Another way through which these firms have managed to stay at the heart of policy making and its implementation is through secondment of their staff into public offices for different projects. Justification from the government is that the private companies by providing their staff are subsidizing the Treasury salaries. An investigation carried out by The Observer revealed that the companies which donated staff free to the government departments won lucrative contracts and also profited from crucial policy changes (The Observer, 17 June 2001). Some company staff spend as long as two years while being paid by their private employer. (Financial Times, 12 June 2012). The department of Treasury has not given out names of the small staff contributors but has revealed that the main staff contributors were PwC, Deloitte, KPMG and Ernst & Young, the accountancy firms.
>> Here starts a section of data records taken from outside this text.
(* Write yhat_i = P_i / Q_i with P_i, Q_i in K'[x_{J_i}] and Q_i(0) <> 0, and
   let L be the union of the supports of all P_i and Q_i.  The coefficients of
   the P_i and Q_i on L then solve, in K', a finite polynomial system with
   coefficients in K: Q_i(0) and the coefficient of a lowest-degree monomial
   of P_i are invertible, the coefficients of P_i of smaller degree vanish,
   and f(P/Q) = 0 becomes, once the denominators of the coefficients of f and
   the Q_i are cleared, the vanishing of finitely many polynomials in the
   unknown coefficients.  Algebraic purity provides a solution in K, that is
   y_i = P_i / Q_i in A_i with f(y) = 0.  As Q_i is a unit of the local ring,
   ord y_i is the degree of a lowest monomial of P_i, which is the same
   monomial as for yhat_i. *)

Lemma frac_reprE (R : idomainType) (z : {fraction R}) :
  z = tofrac \n_(repr z) / tofrac \d_(repr z).
Proof.
have d_neq0 := denom_ratioP (repr z).
rewrite -[LHS]reprK; apply: (canRL (mulfK _)); first by rewrite tofrac_eq0.
unlock tofrac; rewrite -[X in X = _]FracField.pi_mul; apply/eqmodP.
rewrite /= FracField.equivfE /FracField.mulf /=.
by rewrite !numden_Ratio ?mulf_neq0 ?oner_neq0 // !mulr1 mulrC.
Qed.

Lemma map_frac_id (K : fieldType) n (z : FK K n) : map_frac idfun z = z.
Proof.
have map_id (A : {mpoly K[n]}) : map_mpoly idfun A = A.
  by apply/mpolyP => m; rewrite mcoeff_map_mpoly.
by rewrite /map_frac !map_id -frac_reprE.
Qed.

Lemma mpoly_neq0_mcoeff (R : nzRingType) n (P : {mpoly R[n]}) m : P@_m != 0 -> P != 0.
Proof. by apply: contra => /eqP ->; rewrite mcoeff0. Qed.

Section LowOrder.
Variables (R : idomainType) (n : nat).
Implicit Types (P Q : {mpoly R[n]}) (k : nat).

Definition in_xpow k P := forall s, (mdeg s < k)%N -> P@_s = 0.

Lemma in_xpowM k1 k2 P Q :
  in_xpow k1 P -> in_xpow k2 Q -> in_xpow (k1 + k2) (P * Q).
Proof.
move=> P_k1 Q_k2 s s_lt; rewrite mpolyME raddf_sum /= big_allpairs.
apply: big1_seq => a /andP[_ a_supp]; apply: big1_seq => b /andP[_ b_supp].
rewrite mcoeffZ mcoeffX; case: eqP => [s_ab|]; last by rewrite mulr0.
have low_deg P' k s' : in_xpow k P' -> s' \in msupp P' -> (k <= mdeg s')%N.
  by move=> P'_k; rewrite mcoeff_msupp leqNgt; apply: contra => /P'_k ->.
move: s_lt; rewrite -s_ab mdegD ltnNge.
by rewrite leq_add ?(low_deg _ _ _ P_k1) ?(low_deg _ _ _ Q_k2).
Qed.

Lemma in_xpow_cancelr k P Q : Q@_0%MM != 0 -> in_xpow k (P * Q) -> in_xpow k P.
Proof.
move=> Q0 PQ_k; elim: k PQ_k => [|k IHk] PQ_k s; first by [].
rewrite ltnS leq_eqVlt => /orP[/eqP s_k|]; last by apply: IHk => t /ltnW /PQ_k.
have P_k : in_xpow k P by apply: IHk => t /ltnW /PQ_k.
have Q_split : Q = (Q@_0%MM)%:MP + (Q - (Q@_0%MM)%:MP) by rewrite addrC subrK.
have Q1 : in_xpow 1 (Q - (Q@_0%MM)%:MP).
  move=> t; rewrite ltnS leqn0 mdeg_eq0 => /eqP ->.
  by rewrite mcoeffB mcoeffC eqxx mulr1 subrr.
have low_term : (P * (Q - (Q@_0%MM)%:MP))@_s = 0.
  by apply: (in_xpowM P_k Q1); rewrite s_k addn1.
have := PQ_k s; rewrite s_k ltnSn => /(_ isT).
rewrite {1}Q_split mulrDr mcoeffD low_term addr0 mulrC mcoeffCM => /eqP.
by rewrite mulf_eq0 (negbTE Q0) => /eqP.
Qed.

End LowOrder.

Lemma in_mpow_frac (K : fieldType) n k (P Q : {mpoly K[n]}) : Q@_0%MM != 0 ->
  in_mpow k (tofrac P / tofrac Q) <-> in_xpow k P.
Proof.
move=> Q0; split=> [[P' [Q' [Q'0 P'_k PQ_eq]]]|P_k]; last first.
  exists P, Q; split=> // s; rewrite mcoeff_msupp leqNgt; apply: contra.
  by move=> /P_k ->.
have cross : P * Q' = P' * Q.
  have [Q_neq0 Q'_neq0] := (mpoly_neq0_mcoeff Q0, mpoly_neq0_mcoeff Q'0).
  by apply/eqP; rewrite -tofrac_eq !tofracM -eqr_div ?tofrac_eq0 // PQ_eq.
apply: (in_xpow_cancelr Q'0); rewrite cross -[k]addn0; apply: in_xpowM => // s s_lt.
by apply/eqP; rewrite mcoeff_eq0; apply: contraL s_lt => /P'_k; rewrite leqNgt.
Qed.

Definition lowest_mono (R : idomainType) n (P : {mpoly R[n]}) (lo : option 'X_{1..n}) :=
  if lo is Some s then P@_s != 0 /\ in_xpow (mdeg s) P else P = 0.

Lemma lowest_mono_exists (R : idomainType) n (P : {mpoly R[n]}) :
  exists lo, lowest_mono P lo.
Proof.
have [->|P_neq0] := eqVneq P 0; first by exists None.
have [s s_supp] : exists s, s \in msupp P.
  case E: (msupp P) => [|s r]; last by exists s; rewrite mem_head.
  by move: P_neq0; rewrite -msupp_eq0 E.
have deg_ex : exists d, has (fun s => mdeg s == d) (msupp P).
  by exists (mdeg s); apply/hasP; exists s.
case: (ex_minnP deg_ex) => d /hasP[s0 s0_supp /eqP s0_d] d_min.
exists (Some s0); split; first by rewrite -mcoeff_msupp.
move=> t; rewrite s0_d => t_lt; apply/eqP; rewrite mcoeff_eq0.
by apply: contraL t_lt => t_supp; rewrite -leqNgt d_min //; apply/hasP; exists t.
Qed.

Lemma has_ord_frac (K : fieldType) n (P Q : {mpoly K[n]}) lo o :
  Q@_0%MM != 0 -> lowest_mono P lo ->
  has_ord (tofrac P / tofrac Q) o <-> o = omap (@mdeg n) lo.
Proof.
move=> Q0; case: lo => [s [Ps_neq0 P_low]|->] /=.
  have in_mpowE k : in_mpow k (tofrac P / tofrac Q) <-> (k <= mdeg s)%N.
    rewrite in_mpow_frac //; split=> [P_k|k_le t t_lt]; last first.
      by apply: P_low; apply: leq_trans t_lt k_le.
    by rewrite leqNgt; apply: contra Ps_neq0 => /P_k ->.
  case: o => [k|] /=; last by split=> // /(_ (mdeg s).+1) /in_mpowE; rewrite ltnn.
  rewrite !in_mpowE ltnNge; split=> [[k_le /negP]|[->]]; last by rewrite leqnn.
  by rewrite negbK => le_k; congr Some; apply/anti_leq/andP.
have zero_mpow k : in_mpow k (tofrac (0 : {mpoly K[n]}) / tofrac Q).
  by rewrite in_mpow_frac // => t _; rewrite mcoeff0.
by case: o => [k|] //=; split=> // -[_ []].
Qed.

Definition sum_fracs (S : comNzRingType) (r : seq (S * S)) : S * S :=
  foldr (fun ab nd => (ab.1 * nd.2 + nd.1 * ab.2, ab.2 * nd.2)) (0, 1) r.

Lemma sum_fracsP (S : comNzRingType) (F : fieldType) (sg : {rmorphism S -> F})
    (r : seq (S * S)) :
  all (fun ab => sg ab.2 != 0) r ->
  sg (sum_fracs r).2 != 0 /\
  \sum_(ab <- r) sg ab.1 / sg ab.2 = sg (sum_fracs r).1 / sg (sum_fracs r).2.
Proof.
elim: r => [|ab r IHr] /=; first by rewrite big_nil rmorph0 rmorph1 oner_neq0 mul0r.
case/andP=> ab_neq0 /IHr[den_neq0 sumE]; rewrite big_cons sumE rmorphM mulf_neq0 //.
by rewrite addf_div // -!rmorphM -rmorphD.
Qed.

Lemma meval_map_mpoly (R : nzRingType) (S : comNzRingType) n (g : R -> S)
    (q : {mpoly R[n]}) (v : 'I_n -> S) :
  (map_mpoly g q).@[v] = \sum_(m <- msupp q) g q@_m * \prod_i v i ^+ m i.
Proof.
rewrite /map_mpoly /mmap raddf_sum /=; apply: eq_bigr => m _.
by rewrite mmap1_id mevalM mevalC mevalX.
Qed.

Lemma meval_map_frac_id (K : fieldType) n p (q : {mpoly (FK K n)[p]})
    (v : 'I_p -> FK K n) :
  (map_mpoly (@map_frac K K idfun n) q).@[v] = q.@[v].
Proof. by rewrite meval_map_mpoly mevalE; apply: eq_bigr => m _; rewrite map_frac_id. Qed.

Lemma map_mpoly_eq0_msupp (R S : nzRingType) n (g : {additive R -> S})
    (P : {mpoly R[n]}) :
  map_mpoly g P = 0 <-> all (fun m => g P@_m == 0) (msupp P).
Proof.
split=> [gP0|/allP gP0].
  by apply/allP => m _; rewrite -mcoeff_map_mpoly gP0 mcoeff0.
apply/mpolyP => m; rewrite mcoeff_map_mpoly mcoeff0.
have [/gP0/eqP //|] := boolP (m \in msupp P).
by rewrite mcoeff_msupp negbK => /eqP ->; rewrite raddf0.
Qed.

Lemma map_mpoly_eq0 (K F : fieldType) n (g : {rmorphism K -> F}) (P : {mpoly K[n]}) :
  (map_mpoly g P == 0) = (P == 0).
Proof.
apply/eqP/eqP=> [gP0|->]; last exact: raddf0.
apply/mpolyP => m; move/mpolyP/(_ m): gP0.
by rewrite mcoeff_map_mpoly !mcoeff0 => /eqP; rewrite fmorph_eq0 => /eqP.
Qed.

Section ClearDenominators.
Variables (S : comNzRingType) (p : nat).
Variables (a b : 'X_{1..p} -> S) (P Q : 'I_p -> S) (ms : seq 'X_{1..p}).

Definition cleared_num : S :=
  (sum_fracs [seq (a m * \prod_i P i ^+ m i, b m * \prod_i Q i ^+ m i) | m <- ms]).1.

Lemma cleared_numP (F : fieldType) (sg : {rmorphism S -> F}) :
  (forall m, sg (b m) != 0) -> (forall i, sg (Q i) != 0) ->
  \sum_(m <- ms) sg (a m) / sg (b m) * \prod_i (sg (P i) / sg (Q i)) ^+ m i = 0 <->
  sg cleared_num = 0.
Proof.
move=> b_neq0 Q_neq0.
pose r := [seq (a m * \prod_i P i ^+ m i, b m * \prod_i Q i ^+ m i) | m <- ms].
have [|den_neq0 sumE] := @sum_fracsP _ _ sg r.
  apply/allP => _ /mapP[m _ ->]; rewrite rmorphM mulf_neq0 // rmorph_prod.
  by apply/prodf_neq0 => i _; rewrite rmorphXn expf_neq0.
rewrite (eq_bigr (fun m => sg (a m * \prod_i P i ^+ m i) / sg (b m * \prod_i Q i ^+ m i))).
  move: sumE; rewrite big_map /cleared_num -/r => ->.
  split=> [/eqP|->]; last by rewrite mul0r.
  by rewrite mulf_eq0 invr_eq0 (negbTE den_neq0) orbF => /eqP.
move=> m _; rewrite !rmorphM !rmorph_prod -mulf_div -prodf_div; congr (_ * _).
by apply: eq_bigr => i _; rewrite !rmorphXn expr_div_n.
Qed.
End ClearDenominators.

Definition supp_in n (J : {set 'I_n}) (t : 'X_{1..n}) : bool :=
  [forall k, (k \notin J) ==> (t k == 0%N)].

Section GenericSystem.
Variables (K : fieldType) (n p : nat) (J : 'I_p -> {set 'I_n}).
Variables (L : seq 'X_{1..n}) (lo : 'I_p -> option 'X_{1..n}).
Variable f : seq {mpoly (FK K n)[p]}.

(* The unknowns are the coefficients of the generic numerator (b = true) and
   denominator (b = false) of y_i at the monomials of L, plus, for each i, two
   unknowns whose equations a * b - 1 = 0 below force the lowest coefficient
   of the numerator and the constant term of the denominator to be units. *)
Definition unknown := (('I_p * bool * seq_sub L) + ('I_p * bool))%type.
Local Notation U := {mpoly K[#|{: unknown}|]}.
Definition var (t : unknown) : U := 'X_(enum_rank t).

Definition gen_range (i : 'I_p) (b : bool) : pred 'X_{1..n} := [pred t |
  [&& t \in L, supp_in (J i) t &
      b ==> if lo i is Some s then (mdeg s <= mdeg t)%N else false]].

Definition gen_poly i b : {mpoly U[n]} :=
  \sum_(s : seq_sub L | val s \in gen_range i b) var (inl (i, b, s)) *: 'X_[val s].

Lemma mcoeff_gen_poly i b (s : seq_sub L) :
  val s \in gen_range i b -> (gen_poly i b)@_(val s) = var (inl (i, b, s)).
Proof.
move=> s_range; rewrite raddf_sum /= (bigD1 s) //= mcoeffZ mcoeffX eqxx mulr1.
rewrite big1 ?addr0 // => s' /andP[_ s'_neq]; rewrite mcoeffZ mcoeffX.
by rewrite inj_eq ?(negbTE s'_neq) ?mulr0 //; apply: val_inj.
Qed.

Lemma mcoeff_gen_poly_out i b t : t \notin gen_range i b -> (gen_poly i b)@_t = 0.
Proof.
move=> t_out; rewrite raddf_sum big1 //= => s s_range; rewrite mcoeffZ mcoeffX.
by case: eqP => [s_t|]; [move: t_out; rewrite -s_t s_range | rewrite mulr0].
Qed.

Lemma gen_poly_in_vars (F : fieldType) (ev : {additive U -> F}) i b :
  poly_in_vars (J i) (map_mpoly ev (gen_poly i b)).
Proof.
apply/allP => t; rewrite mcoeff_msupp mcoeff_map_mpoly; apply: contraR => t_out.
by rewrite mcoeff_gen_poly_out ?raddf0 // inE /supp_in (negbTE t_out) andbF.
Qed.

Lemma gen_poly_low (F : idomainType) (ev : {additive U -> F}) i s :
  lo i = Some s -> in_xpow (mdeg s) (map_mpoly ev (gen_poly i true)).
Proof.
move=> lo_i t t_lt; rewrite mcoeff_map_mpoly mcoeff_gen_poly_out ?raddf0 //.
by rewrite inE lo_i leqNgt t_lt !andbF.
Qed.

Lemma gen_poly_lo_None i : lo i = None -> gen_poly i true = 0.
Proof.
move=> lo_i; apply/mpolyP => t; rewrite mcoeff0 mcoeff_gen_poly_out //.
by rewrite inE lo_i !andbF.
Qed.

Definition den_eq i : U := var (inr (i, false)) * (gen_poly i false)@_0%MM - 1.

Definition lead_eq i : U :=
  if lo i is Some s then var (inr (i, true)) * (gen_poly i true)@_s - 1 else 0.

Local Notation const A := (map_mpoly (@mpolyC #|{: unknown}| K) A).

Definition cleared (q : {mpoly (FK K n)[p]}) : {mpoly U[n]} :=
  cleared_num (fun m => const \n_(repr q@_m)) (fun m => const \d_(repr q@_m))
    (gen_poly ^~ true) (gen_poly ^~ false) (msupp q).

Definition system : seq U :=
  [seq den_eq i | i <- enum 'I_p] ++ [seq lead_eq i | i <- enum 'I_p] ++
  [seq (cleared q)@_m | q <- f, m <- msupp (cleared q)].

Lemma systemP (F : nzRingType) (ev : {rmorphism U -> F}) :
  all (fun e => ev e == 0) system <->
  [/\ forall i, ev (den_eq i) = 0, forall i, ev (lead_eq i) = 0 &
      forall q, q \in f -> map_mpoly ev (cleared q) = 0].
Proof.
rewrite /system !all_cat !all_map.
split=> [/and3P[/allP den0 /allP lead0 /all_allpairsP cleared0]|[den0 lead0 cleared0]].
  split=> [i|i|q q_f].
  - by apply/eqP/den0; rewrite mem_index_enum.
  - by apply/eqP/lead0; rewrite mem_index_enum.
  - by apply/(map_mpoly_eq0_msupp ev)/allP => m m_supp; apply: cleared0.
apply/and3P; split.
- by apply/allP => i _; rewrite /= den0.
- by apply/allP => i _; rewrite /= lead0.
- apply/all_allpairsP => q m q_f.
  by move/(map_mpoly_eq0_msupp ev)/allP: (cleared0 q q_f); apply.
Qed.

Local Notation gen_val ev i b := (map_mpoly ev (gen_poly i b)).

Definition gen_frac (F : fieldType) (ev : {rmorphism U -> F}) i : FK F n :=
  tofrac (gen_val ev i true) / tofrac (gen_val ev i false).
A leader of the Green party, Caroline Lucas, while commenting on these secondments said, “Companies do not lend their staff to government for nothing. They expect a certain degree of influence, insider knowledge and preferential treatment.” The seconded staffs get paid by their private employer and go back to their company once the secondment is over. This raises many questions regarding conflict of interests that needs answering. For instance, can the seconded staff influence policy decisions that in some way or other affect their employer? These big four accountancy firms also help all the three main political parties by loaning their staff to. All these involvements with the government as well as political parties stimulate concerns about the kind of influence these firms might have in the policy development and implementation. A Labour MP Austin Mitchell described the big four as being ‘more powerful than government’ (The Bureau of Investigative Journalism, 10 Julu 2012).
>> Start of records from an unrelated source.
(* Let $N\ge 2$, let $\rho$ be a density matrix on $\mathbb{C}^N$ and let $n\ge 1$ be an integer. Then $\mathcal{C}(\rho^{\otimes n})\le n\,\mathcal{C}(\rho)$, where $\mathcal{C}(\rho^{\otimes n})$ is computed on the $N^n$-dimensional space $(\mathbb{C}^N)^{\otimes n}$ (so with reference state $\mathbb{I}/N^n=\mathcal{I}^{\otimes n}$ and normalization $1/\log_2(N^n)$).
   Context: For a density matrix $\rho$ (positive semidefinite, trace one) on an $N$-dimensional Hilbert space $\mathcal{H}_N$, $N\ge 2$, let $\mathcal{I}=\mathbb{I}/N$ denote the normalized maximally mixed state. The von Neumann entropy is $S(\rho)=-\mathrm{Tr}[\rho\log_2\rho]$ (with $0\log 0=0$), and the trace distance to $\mathcal{I}$ is $D(\rho,\mathcal{I})=\tfrac12\mathrm{Tr}\sqrt{(\rho-\mathcal{I})^2}=\tfrac12\|\rho-\mathcal{I}\|_1$. The Quantum Statistical Complexity Measure (QSCM) is $\mathcal{C}(\rho)=\frac{1}{\log_2 N}\,S(\rho)\,D(\rho,\mathcal{I})$, where $N$ is the dimension of the space on which $\rho$ acts. *)

From Stdlib Require Import Reals Lra Lia ClassicalEpsilon.
Open Scope R_scope.

Record C := mkC { Cre : R ; Cim : R }.
Definition RtoC (x : R) : C := mkC x 0.
Definition C0 : C := RtoC 0.
Definition C1 : C := RtoC 1.
Definition Cadd (a b : C) : C := mkC (Cre a + Cre b) (Cim a + Cim b).
Definition Copp (a : C) : C := mkC (- Cre a) (- Cim a).
Definition Cmul (a b : C) : C :=
  mkC (Cre a * Cre b - Cim a * Cim b) (Cre a * Cim b + Cim a * Cre b).
Definition Cconj (a : C) : C := mkC (Cre a) (- Cim a).

Fixpoint Csum (n : nat) (f : nat -> C) : C :=
  match n with
  | O => C0
  | S k => Cadd (Csum k f) (f k)
  end.

(* ---------- square matrices ----------
   A matrix is a function nat -> nat -> C; its dimension n is passed
   explicitly and only entries with indices < n are meaningful. *)
Definition Mat := nat -> nat -> C.

Definition Meq (n : nat) (A B : Mat) : Prop :=
  forall i j, (i < n)%nat -> (j < n)%nat -> A i j = B i j.
Definition Mid : Mat := fun i j => if Nat.eqb i j then C1 else C0.
Definition Madd (A B : Mat) : Mat := fun i j => Cadd (A i j) (B i j).
Definition Msub (A B : Mat) : Mat := fun i j => Cadd (A i j) (Copp (B i j)).
Definition Mscale (c : C) (A : Mat) : Mat := fun i j => Cmul c (A i j).
Definition Mmul (n : nat) (A B : Mat) : Mat :=
  fun i j => Csum n (fun k => Cmul (A i k) (B k j)).
Definition Madj (A : Mat) : Mat := fun i j => Cconj (A j i).
Definition Mtrace (n : nat) (A : Mat) : C := Csum n (fun i => A i i).
Definition Mdiag (lam : nat -> R) : Mat :=
  fun i j => if Nat.eqb i j then RtoC (lam i) else C0.

Definition unitary (n : nat) (U : Mat) : Prop :=
  Meq n (Mmul n (Madj U) U) Mid /\ Meq n (Mmul n U (Madj U)) Mid.

Definition density (n : nat) (rho : Mat) : Prop :=
  Meq n (Madj rho) rho /\
  (forall v : nat -> C,
     0 <= Cre (Csum n (fun i => Csum n (fun j =>
                 Cmul (Cconj (v i)) (Cmul (rho i j) (v j)))))) /\
  Mtrace n rho = C1.

(* Kronecker product of an m x m matrix A and an n x n matrix B,
   index (a, b) <-> a * n + b *)
Definition kron (n : nat) (A B : Mat) : Mat :=
  fun i j => Cmul (A (i / n)%nat (j / n)%nat) (B (i mod n)%nat (j mod n)%nat).

Fixpoint tpow (N : nat) (k : nat) (rho : Mat) : Mat :=
  match k with
  | O => Mid
  | S k' => kron N (tpow N k' rho) rho
  end.

Definition is_mfun (n : nat) (f : R -> R) (A B : Mat) : Prop :=
  exists (U : Mat) (lam : nat -> R),
    unitary n U /\
    Meq n A (Mmul n (Mmul n U (Mdiag lam)) (Madj U)) /\
    Meq n B (Mmul n (Mmul n U (Mdiag (fun i => f (lam i)))) (Madj U)).

Definition mfun (n : nat) (f : R -> R) (A : Mat) : Mat :=
  epsilon (inhabits Mid) (fun B => is_mfun n f A B).

Definition log2 (x : R) : R := ln x / ln 2.

Definition eta (t : R) : R := if Req_EM_T t 0 then 0 else - (t * log2 t).

(* von Neumann entropy S(rho) = - Tr[rho log2 rho] = Tr[eta(rho)] *)
Definition vN_entropy (n : nat) (rho : Mat) : R :=
  Cre (Mtrace n (mfun n eta rho)).

Definition maxmixed (n : nat) : Mat := Mscale (RtoC (/ INR n)) Mid.

Definition trace_dist (n : nat) (rho sigma : Mat) : R :=
  / 2 * Cre (Mtrace n (mfun n sqrt
                (Mmul n (Msub rho sigma) (Msub rho sigma)))).

Definition QSCM (n : nat) (rho : Mat) : R :=
  / log2 (INR n) * vN_entropy n rho * trace_dist n rho (maxmixed n).

(** The functional calculus of a Hermitian matrix only sees its spectrum: if
    [A = U diag(lam) U^*] then [Tr f(A) = sum_i f(lam_i)], whichever unitary
    diagonalisation is used.  The spectrum of [rho^(x)n] consists of the
    products [lam_i1 ... lam_in] of eigenvalues of [rho].  Hence, with
    [eta(t) = - t log2 t], the identity [eta(x y) = x eta(y) + y eta(x)] makes
    the entropy additive, [S(rho^(x)n) = n S(rho)], while the inequality
    [|x y - a b| <= |x - a| y + a |y - b|] makes the l1-distance of the spectrum
    to the uniform distribution subadditive, [D(rho^(x)n) <= n D(rho)].  Since
    [log2 (N^n) = n log2 N], the factor [n] of the entropy cancels against the
    normalisation and [C(rho^(x)n) <= n C(rho)]. *)

From Stdlib Require Import Reals Lra Lia ClassicalEpsilon FunctionalExtensionality.
From Pilot Require Import Defs.
From mathcomp Require ssreflect ssrfun ssrbool eqtype ssrnat fintype bigop ssralg zmodp ssrnum
  matrix sesquilinear spectral complex Rstruct.
Open Scope R_scope.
Public Private Partnerships, although are being promoted by organizations like World Bank and European Union, have failed to provide welfare to the people up till now. But governments today still see PPP’s as their chance to deal with budgetary constraints and a way to add efficiencies to the public sector projects. But the complications in this particular kind of public and private relationship have mostly led to the contrary. As this essay tries to explain, one of the reasons for the failure of PPP’s is the bias on part of big advisory firms which evaluate these projects. In most of the PFI cases where the big four firms were acting as financial advisors for the government; they were also the auditor to at least one of the consortium members or bidders on the project (Unison, 2002). So due to the clear conflict of interests, these advisory firms are tended to advise the governments to throw the project in the basket of their client which may not be the most competent bidder. Hence, failure of the whole project eventually. The very fact that private sector is solely driven by profit is hindrance in way of PPP’s to succeed. The government may justify PPP’s as a way to enhance the efficiency and attract capital but one consequence of these partnerships is that the policy development and implementation in relation to public services that had never been provided before by the private sector are now being directed by a market-oriented not a needs-based approach (Shaoul, J., A.Stafford and P.Stapleton, 2007). And due to considerable influence in the ranks of government, these big firms have also started taking part in the development of policies acting as secondees to the government department. Such involvement is raising concern over the future of public policy. In order for the publicness of the PPP’s to be realized, neither private nor government’s interest should dictate the terms of the joint relationship (Brinkerhoff and Brinkerhoff, 2011). Finding the right balance could be challenging but is responsibility of the government.

Works Cited

Akintoye, Akintola, Matthias Beck, and Cliff Hardcastle. Public-private Partnerships: Managing Risks and Opportunities. Oxford, OX, UK: Blackwell Science, 2003. Print.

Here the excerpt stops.